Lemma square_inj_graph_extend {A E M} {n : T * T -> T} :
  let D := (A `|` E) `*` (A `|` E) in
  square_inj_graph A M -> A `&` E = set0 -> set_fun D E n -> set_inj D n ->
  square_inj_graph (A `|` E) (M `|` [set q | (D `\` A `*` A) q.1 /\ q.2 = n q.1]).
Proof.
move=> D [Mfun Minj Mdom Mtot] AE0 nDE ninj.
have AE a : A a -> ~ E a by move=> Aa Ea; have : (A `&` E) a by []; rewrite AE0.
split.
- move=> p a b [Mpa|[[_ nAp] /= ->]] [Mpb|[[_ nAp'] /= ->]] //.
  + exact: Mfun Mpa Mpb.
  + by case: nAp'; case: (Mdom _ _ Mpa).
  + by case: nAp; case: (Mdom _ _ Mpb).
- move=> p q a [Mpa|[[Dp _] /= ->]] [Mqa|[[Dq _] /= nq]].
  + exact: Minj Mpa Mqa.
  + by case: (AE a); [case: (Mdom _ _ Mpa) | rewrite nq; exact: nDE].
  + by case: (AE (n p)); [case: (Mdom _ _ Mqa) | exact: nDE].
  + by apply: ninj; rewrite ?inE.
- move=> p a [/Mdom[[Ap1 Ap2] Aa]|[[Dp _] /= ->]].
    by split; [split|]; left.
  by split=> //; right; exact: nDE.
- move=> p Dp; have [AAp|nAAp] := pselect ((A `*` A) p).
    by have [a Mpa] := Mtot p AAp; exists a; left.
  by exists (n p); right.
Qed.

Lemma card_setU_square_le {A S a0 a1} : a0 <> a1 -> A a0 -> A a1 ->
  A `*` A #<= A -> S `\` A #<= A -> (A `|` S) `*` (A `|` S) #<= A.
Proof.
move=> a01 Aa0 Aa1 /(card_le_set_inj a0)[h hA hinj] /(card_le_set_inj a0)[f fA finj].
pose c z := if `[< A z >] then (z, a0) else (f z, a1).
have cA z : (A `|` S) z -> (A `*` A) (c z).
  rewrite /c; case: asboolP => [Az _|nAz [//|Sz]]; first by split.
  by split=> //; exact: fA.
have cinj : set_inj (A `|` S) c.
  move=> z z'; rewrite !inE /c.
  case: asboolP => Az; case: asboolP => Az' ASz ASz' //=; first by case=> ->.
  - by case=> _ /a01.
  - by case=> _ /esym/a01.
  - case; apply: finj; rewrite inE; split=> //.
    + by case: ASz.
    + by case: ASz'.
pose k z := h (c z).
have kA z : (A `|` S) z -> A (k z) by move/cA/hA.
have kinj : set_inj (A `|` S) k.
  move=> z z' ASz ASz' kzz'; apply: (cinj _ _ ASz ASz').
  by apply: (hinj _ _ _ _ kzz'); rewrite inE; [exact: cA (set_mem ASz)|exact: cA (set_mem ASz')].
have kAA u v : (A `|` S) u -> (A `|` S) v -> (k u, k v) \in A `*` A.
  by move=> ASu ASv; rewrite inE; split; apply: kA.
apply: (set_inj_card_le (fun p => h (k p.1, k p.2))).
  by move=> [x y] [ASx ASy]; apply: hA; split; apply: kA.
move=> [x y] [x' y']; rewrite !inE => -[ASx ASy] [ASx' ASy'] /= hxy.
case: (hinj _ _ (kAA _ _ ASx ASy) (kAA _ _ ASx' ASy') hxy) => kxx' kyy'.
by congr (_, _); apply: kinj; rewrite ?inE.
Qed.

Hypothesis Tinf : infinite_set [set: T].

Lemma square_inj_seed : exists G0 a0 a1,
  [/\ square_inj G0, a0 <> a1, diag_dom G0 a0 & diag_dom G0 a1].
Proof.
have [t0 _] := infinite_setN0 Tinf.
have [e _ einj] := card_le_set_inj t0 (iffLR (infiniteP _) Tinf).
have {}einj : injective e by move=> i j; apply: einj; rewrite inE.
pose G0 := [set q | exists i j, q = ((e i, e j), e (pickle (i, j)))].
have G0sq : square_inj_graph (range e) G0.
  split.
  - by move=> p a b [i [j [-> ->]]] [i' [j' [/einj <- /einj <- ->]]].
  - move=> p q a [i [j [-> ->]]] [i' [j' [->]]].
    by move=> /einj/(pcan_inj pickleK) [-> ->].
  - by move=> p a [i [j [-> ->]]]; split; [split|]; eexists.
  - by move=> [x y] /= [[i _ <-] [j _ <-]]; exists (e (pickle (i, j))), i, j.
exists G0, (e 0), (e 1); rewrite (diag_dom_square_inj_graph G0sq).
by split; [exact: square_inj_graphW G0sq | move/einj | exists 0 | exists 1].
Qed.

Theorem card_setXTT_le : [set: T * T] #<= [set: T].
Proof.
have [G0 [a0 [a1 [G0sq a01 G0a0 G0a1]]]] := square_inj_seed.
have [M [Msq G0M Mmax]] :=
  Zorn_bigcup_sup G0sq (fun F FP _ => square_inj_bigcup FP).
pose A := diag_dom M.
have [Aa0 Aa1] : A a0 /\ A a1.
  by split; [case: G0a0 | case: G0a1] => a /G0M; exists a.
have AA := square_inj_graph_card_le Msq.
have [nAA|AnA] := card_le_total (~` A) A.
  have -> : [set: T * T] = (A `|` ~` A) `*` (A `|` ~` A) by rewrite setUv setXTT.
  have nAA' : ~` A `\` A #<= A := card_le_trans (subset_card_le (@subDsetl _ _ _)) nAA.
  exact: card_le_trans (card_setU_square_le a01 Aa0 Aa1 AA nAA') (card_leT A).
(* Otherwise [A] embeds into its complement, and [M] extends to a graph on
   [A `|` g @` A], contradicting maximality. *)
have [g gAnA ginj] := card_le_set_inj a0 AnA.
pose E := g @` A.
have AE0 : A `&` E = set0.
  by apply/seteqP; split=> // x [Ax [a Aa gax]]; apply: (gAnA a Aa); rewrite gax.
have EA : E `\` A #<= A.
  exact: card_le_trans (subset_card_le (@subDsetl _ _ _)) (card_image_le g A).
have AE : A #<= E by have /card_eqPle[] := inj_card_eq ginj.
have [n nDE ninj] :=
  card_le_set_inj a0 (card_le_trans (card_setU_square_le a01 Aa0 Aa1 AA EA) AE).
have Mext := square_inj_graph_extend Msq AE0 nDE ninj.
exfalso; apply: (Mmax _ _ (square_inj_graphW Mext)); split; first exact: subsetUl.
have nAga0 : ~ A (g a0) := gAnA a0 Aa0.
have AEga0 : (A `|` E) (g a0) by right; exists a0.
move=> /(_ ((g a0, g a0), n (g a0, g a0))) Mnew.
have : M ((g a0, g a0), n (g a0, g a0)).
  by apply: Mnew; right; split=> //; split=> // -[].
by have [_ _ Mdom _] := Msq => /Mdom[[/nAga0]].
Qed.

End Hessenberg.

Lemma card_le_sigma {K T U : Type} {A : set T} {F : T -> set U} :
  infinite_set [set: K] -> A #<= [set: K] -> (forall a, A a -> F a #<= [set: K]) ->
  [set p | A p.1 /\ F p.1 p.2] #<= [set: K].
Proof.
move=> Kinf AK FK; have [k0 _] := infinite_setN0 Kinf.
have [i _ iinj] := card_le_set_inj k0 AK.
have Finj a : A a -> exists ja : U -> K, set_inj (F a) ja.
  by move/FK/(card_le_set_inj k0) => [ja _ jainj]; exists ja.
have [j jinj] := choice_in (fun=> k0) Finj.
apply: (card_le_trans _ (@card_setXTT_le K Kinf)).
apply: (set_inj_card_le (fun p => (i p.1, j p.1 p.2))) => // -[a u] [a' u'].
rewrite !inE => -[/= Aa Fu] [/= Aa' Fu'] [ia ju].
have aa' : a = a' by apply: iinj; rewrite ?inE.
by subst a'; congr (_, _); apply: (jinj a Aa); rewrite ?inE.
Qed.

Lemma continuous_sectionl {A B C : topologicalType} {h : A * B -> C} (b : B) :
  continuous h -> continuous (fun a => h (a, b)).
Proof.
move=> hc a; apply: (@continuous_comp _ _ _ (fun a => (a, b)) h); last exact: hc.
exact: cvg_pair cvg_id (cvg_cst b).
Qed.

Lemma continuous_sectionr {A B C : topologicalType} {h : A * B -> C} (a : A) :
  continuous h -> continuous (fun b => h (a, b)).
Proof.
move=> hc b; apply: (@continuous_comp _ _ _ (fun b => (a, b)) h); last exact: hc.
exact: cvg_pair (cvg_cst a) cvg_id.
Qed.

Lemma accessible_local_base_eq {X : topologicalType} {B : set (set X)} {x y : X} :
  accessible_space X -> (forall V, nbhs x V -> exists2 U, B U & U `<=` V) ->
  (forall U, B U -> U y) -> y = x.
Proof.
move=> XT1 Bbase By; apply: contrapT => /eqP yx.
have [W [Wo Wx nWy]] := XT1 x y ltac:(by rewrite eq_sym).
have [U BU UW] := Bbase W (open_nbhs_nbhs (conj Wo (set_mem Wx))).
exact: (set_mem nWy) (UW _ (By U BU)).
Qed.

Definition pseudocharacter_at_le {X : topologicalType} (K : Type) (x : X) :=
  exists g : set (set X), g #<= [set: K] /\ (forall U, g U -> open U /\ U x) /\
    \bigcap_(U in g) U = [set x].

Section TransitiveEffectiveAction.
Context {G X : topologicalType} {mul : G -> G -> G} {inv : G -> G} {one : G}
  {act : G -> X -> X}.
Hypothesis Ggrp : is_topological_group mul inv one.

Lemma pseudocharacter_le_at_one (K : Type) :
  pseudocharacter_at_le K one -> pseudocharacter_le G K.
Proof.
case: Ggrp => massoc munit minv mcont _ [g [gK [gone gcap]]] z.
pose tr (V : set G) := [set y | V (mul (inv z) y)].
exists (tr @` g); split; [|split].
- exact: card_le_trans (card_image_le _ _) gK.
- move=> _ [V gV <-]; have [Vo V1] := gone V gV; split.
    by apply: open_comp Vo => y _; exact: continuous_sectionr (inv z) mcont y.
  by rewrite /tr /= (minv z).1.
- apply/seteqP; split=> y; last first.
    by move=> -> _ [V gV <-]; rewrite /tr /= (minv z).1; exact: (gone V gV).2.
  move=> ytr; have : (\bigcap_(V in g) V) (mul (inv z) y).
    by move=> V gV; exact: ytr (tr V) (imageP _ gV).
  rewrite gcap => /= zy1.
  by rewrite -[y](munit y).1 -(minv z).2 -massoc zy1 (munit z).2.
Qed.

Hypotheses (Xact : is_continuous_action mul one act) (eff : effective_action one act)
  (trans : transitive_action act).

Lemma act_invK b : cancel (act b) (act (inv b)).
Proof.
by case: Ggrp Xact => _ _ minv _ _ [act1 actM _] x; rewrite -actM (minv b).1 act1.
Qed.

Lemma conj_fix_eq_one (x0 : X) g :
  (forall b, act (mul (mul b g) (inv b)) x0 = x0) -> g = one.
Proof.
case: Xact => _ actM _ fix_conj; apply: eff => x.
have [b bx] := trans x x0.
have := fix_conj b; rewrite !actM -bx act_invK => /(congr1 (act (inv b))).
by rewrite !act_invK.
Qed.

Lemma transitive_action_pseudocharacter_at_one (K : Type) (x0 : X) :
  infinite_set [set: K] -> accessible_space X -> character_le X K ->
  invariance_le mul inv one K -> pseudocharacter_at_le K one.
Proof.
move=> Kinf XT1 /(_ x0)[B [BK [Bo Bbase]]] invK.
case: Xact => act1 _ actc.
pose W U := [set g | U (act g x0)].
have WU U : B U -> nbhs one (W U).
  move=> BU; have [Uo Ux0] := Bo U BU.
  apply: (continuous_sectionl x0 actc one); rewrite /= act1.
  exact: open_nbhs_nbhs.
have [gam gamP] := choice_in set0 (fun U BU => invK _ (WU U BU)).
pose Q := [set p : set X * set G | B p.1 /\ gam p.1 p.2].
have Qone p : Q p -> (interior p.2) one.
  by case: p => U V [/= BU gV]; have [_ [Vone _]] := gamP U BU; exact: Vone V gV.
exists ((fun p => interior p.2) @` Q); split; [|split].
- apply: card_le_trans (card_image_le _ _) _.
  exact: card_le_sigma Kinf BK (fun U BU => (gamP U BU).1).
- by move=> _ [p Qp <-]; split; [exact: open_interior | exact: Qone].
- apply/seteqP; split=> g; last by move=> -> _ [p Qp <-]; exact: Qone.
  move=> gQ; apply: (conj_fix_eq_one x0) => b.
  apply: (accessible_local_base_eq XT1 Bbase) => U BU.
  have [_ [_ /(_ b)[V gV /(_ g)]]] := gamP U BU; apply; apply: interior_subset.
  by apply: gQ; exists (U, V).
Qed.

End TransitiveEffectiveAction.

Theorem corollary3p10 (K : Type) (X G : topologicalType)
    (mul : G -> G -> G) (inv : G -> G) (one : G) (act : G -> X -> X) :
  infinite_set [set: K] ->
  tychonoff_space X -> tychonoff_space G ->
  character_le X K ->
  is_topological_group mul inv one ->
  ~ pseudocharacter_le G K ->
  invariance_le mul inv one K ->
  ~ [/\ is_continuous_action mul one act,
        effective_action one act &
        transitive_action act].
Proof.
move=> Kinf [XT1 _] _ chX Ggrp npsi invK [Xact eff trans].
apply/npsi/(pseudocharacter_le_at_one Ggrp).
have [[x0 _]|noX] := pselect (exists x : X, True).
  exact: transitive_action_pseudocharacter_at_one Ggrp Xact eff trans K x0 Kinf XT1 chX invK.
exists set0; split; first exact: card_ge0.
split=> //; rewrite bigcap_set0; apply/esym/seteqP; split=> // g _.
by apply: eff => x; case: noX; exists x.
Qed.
::::
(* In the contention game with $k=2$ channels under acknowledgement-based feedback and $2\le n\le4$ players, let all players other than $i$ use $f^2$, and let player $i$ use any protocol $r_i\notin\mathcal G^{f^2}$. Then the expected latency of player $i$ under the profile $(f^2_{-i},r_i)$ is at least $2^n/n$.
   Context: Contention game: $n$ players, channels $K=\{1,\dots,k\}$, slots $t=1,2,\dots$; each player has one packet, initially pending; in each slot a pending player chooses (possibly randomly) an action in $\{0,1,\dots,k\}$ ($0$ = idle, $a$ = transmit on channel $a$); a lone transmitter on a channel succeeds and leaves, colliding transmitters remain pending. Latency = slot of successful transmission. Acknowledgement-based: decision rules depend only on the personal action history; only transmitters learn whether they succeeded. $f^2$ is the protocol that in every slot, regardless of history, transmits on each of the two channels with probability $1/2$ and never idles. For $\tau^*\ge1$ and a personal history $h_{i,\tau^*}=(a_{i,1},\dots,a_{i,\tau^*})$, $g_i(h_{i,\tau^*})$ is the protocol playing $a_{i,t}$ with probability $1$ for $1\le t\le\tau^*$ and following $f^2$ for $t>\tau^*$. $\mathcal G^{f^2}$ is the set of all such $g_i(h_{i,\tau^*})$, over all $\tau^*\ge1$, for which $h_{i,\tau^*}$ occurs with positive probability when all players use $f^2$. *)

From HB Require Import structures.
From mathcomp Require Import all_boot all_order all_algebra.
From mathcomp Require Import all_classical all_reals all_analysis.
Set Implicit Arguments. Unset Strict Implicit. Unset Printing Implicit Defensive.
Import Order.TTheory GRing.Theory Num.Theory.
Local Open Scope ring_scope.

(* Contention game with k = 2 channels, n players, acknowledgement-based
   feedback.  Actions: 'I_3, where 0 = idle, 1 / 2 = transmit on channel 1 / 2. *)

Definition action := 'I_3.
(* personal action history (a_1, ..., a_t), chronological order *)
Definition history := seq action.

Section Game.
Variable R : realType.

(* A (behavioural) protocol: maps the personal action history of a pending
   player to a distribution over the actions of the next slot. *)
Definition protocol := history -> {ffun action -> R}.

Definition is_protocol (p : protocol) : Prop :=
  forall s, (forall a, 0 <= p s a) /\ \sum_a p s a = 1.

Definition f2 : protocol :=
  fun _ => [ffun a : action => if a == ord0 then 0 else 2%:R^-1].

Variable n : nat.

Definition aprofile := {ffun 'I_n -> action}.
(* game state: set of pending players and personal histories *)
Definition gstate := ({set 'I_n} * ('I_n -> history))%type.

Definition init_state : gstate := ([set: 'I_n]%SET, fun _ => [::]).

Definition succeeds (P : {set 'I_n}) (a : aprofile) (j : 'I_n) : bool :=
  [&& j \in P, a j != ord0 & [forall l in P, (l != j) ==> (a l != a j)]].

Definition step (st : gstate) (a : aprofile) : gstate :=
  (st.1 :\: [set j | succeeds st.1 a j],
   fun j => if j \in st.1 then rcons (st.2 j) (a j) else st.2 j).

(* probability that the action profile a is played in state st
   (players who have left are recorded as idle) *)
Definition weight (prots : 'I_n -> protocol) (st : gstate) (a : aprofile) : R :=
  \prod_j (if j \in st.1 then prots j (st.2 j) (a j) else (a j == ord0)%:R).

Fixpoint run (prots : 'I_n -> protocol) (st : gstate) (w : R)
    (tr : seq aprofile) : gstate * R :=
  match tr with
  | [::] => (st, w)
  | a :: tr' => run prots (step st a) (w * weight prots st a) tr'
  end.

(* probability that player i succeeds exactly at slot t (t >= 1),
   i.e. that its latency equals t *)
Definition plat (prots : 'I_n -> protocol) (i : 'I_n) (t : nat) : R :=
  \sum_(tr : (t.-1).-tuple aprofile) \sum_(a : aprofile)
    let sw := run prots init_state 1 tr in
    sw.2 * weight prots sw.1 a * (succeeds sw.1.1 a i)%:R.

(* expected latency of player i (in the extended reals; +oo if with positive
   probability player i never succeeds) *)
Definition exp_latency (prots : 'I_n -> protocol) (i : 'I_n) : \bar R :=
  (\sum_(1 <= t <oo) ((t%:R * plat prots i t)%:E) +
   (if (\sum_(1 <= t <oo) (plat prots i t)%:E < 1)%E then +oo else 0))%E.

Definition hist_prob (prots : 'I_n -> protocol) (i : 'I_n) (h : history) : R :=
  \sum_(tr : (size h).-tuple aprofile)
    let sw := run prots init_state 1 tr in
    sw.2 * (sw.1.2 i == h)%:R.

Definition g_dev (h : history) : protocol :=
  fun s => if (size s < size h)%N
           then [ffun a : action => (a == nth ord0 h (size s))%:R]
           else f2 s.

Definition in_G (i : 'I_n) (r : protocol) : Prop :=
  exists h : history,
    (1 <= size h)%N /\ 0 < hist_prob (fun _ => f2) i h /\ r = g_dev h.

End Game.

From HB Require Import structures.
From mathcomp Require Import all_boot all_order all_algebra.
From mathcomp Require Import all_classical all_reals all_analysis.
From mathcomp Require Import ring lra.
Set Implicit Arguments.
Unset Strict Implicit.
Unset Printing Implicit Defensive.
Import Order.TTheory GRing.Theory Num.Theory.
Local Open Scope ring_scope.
::::
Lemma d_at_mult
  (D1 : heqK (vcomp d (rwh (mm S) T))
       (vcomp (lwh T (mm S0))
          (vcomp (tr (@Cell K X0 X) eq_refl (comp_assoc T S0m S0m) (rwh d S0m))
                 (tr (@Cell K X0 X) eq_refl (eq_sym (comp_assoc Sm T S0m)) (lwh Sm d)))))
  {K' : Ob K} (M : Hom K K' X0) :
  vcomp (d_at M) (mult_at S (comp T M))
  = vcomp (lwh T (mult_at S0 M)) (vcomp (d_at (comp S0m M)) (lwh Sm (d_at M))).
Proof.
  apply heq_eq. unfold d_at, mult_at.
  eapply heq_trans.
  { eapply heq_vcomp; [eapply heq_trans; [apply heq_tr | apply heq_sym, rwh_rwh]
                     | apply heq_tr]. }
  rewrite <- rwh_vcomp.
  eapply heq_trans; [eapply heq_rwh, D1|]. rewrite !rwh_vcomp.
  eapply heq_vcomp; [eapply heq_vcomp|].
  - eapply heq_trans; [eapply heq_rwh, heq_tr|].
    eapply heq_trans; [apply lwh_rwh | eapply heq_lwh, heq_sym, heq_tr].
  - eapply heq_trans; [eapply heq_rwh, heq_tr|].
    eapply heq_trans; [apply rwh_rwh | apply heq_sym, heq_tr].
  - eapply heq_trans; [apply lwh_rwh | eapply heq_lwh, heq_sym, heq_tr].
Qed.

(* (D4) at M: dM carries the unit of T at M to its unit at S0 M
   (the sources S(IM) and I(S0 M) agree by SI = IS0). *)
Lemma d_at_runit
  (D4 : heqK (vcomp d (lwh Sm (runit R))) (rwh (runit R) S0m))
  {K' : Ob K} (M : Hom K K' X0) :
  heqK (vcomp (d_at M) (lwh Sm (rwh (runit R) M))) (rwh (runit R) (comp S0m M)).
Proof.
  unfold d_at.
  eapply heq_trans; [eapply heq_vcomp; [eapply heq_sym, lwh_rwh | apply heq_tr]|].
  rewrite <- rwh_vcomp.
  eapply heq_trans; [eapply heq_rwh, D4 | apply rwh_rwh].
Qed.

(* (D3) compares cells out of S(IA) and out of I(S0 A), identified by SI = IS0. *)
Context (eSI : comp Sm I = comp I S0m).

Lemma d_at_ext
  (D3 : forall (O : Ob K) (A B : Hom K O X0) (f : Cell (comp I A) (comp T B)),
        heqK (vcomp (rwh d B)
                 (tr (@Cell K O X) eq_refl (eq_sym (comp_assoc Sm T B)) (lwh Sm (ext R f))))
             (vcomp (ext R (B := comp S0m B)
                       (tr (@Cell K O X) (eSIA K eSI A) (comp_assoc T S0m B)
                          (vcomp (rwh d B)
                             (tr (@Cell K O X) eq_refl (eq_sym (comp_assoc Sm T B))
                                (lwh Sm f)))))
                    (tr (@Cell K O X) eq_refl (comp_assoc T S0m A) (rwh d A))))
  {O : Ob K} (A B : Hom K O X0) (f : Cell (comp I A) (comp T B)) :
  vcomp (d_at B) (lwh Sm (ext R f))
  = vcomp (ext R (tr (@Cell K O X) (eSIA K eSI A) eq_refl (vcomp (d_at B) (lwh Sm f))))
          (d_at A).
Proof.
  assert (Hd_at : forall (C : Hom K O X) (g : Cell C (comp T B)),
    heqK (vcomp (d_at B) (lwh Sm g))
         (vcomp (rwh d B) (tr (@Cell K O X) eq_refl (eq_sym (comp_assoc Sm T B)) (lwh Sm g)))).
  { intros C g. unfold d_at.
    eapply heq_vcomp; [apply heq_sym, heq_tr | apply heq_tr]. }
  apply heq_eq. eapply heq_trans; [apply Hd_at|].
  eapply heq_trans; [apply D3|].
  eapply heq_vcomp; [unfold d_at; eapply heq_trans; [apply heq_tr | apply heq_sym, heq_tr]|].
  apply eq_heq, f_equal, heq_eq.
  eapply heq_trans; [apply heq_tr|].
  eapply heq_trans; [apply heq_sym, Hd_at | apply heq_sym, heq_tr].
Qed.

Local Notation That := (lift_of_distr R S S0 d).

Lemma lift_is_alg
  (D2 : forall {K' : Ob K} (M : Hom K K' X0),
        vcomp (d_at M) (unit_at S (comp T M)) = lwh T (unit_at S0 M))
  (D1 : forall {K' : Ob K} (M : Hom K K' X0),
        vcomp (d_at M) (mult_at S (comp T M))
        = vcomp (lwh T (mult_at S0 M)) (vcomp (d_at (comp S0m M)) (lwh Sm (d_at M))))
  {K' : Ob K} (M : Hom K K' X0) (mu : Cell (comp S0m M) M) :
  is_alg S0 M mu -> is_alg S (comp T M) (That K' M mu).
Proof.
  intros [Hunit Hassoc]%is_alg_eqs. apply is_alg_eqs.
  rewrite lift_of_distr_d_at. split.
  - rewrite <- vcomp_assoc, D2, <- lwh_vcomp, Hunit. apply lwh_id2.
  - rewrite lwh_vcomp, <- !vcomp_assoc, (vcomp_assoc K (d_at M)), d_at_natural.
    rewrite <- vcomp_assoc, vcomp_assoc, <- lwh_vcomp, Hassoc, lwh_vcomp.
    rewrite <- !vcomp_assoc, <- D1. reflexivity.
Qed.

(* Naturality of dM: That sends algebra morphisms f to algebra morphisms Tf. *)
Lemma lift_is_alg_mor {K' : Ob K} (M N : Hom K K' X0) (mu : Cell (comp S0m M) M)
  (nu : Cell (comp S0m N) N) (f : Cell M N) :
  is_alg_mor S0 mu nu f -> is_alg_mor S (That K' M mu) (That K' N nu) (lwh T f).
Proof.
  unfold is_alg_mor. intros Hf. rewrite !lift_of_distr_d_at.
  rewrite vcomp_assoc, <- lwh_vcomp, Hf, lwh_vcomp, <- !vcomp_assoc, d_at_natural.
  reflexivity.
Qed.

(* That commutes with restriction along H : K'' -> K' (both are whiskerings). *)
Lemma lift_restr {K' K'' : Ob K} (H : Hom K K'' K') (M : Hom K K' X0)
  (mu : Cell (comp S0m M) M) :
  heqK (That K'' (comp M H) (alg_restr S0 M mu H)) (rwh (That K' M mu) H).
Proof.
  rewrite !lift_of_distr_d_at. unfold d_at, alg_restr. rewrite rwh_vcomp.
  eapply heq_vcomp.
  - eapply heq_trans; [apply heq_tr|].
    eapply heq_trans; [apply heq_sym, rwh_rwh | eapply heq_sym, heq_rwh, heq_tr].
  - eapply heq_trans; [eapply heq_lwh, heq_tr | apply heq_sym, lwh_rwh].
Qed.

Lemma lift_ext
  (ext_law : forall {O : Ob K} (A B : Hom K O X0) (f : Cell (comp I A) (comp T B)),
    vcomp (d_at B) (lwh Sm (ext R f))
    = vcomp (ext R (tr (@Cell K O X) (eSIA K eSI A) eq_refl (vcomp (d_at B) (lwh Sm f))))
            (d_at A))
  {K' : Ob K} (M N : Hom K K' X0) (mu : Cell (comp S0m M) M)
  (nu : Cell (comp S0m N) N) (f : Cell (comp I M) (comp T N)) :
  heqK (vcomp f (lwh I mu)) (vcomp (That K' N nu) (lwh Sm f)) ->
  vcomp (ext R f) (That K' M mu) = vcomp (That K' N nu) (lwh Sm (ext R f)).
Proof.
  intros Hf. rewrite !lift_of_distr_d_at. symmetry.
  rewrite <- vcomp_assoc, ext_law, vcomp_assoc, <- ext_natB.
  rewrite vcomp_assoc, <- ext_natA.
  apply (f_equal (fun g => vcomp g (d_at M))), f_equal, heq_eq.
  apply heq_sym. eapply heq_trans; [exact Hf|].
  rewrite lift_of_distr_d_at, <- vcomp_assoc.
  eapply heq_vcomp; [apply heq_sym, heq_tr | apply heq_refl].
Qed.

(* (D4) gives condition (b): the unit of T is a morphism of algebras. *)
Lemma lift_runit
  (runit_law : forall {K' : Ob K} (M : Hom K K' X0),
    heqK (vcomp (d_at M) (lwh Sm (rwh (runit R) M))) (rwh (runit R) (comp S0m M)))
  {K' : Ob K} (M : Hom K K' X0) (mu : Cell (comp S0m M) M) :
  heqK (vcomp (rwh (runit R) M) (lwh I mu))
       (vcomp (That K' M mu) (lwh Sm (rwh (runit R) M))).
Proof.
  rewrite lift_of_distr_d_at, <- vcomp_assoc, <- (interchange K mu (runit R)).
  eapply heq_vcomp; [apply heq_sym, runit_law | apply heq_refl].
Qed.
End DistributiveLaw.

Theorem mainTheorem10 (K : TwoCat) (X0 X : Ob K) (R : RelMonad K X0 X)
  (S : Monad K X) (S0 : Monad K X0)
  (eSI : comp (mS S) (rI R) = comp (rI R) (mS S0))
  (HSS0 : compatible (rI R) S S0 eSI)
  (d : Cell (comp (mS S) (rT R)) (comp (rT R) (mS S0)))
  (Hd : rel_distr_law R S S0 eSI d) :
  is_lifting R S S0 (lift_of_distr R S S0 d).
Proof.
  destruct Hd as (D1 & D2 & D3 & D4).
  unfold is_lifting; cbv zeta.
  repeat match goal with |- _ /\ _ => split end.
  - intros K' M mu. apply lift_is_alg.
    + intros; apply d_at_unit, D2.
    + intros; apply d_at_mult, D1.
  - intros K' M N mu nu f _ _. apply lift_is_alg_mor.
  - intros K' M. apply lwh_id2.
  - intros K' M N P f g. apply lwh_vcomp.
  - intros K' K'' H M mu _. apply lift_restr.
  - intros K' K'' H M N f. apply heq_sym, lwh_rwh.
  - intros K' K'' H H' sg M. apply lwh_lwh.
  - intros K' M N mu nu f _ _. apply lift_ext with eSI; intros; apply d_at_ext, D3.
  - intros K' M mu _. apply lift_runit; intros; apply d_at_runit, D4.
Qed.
::::
__DESCRIPTION OF THE TASK__.
Every line of the material that holds the word "prots" must be found and copied.

__TASK RESULT__.
Definition weight (prots : 'I_n -> protocol) (st : gstate) (a : aprofile) : R :=
  \prod_j (if j \in st.1 then prots j (st.2 j) (a j) else (a j == ord0)%:R).
Fixpoint run (prots : 'I_n -> protocol) (st : gstate) (w : R)
  | a :: tr' => run prots (step st a) (w * weight prots st a) tr'
Definition plat (prots : 'I_n -> protocol) (i : 'I_n) (t : nat) : R :=
    let sw := run prots init_state 1 tr in
    sw.2 * weight prots sw.1 a * (succeeds sw.1.1 a i)%:R.
Definition exp_latency (prots : 'I_n -> protocol) (i : 'I_n) : \bar R :=
  (\sum_(1 <= t <oo) ((t%:R * plat prots i t)%:E) +
   (if (\sum_(1 <= t <oo) (plat prots i t)%:E < 1)%E then +oo else 0))%E.
Definition hist_prob (prots : 'I_n -> protocol) (i : 'I_n) (h : history) : R :=
    let sw := run prots init_state 1 tr in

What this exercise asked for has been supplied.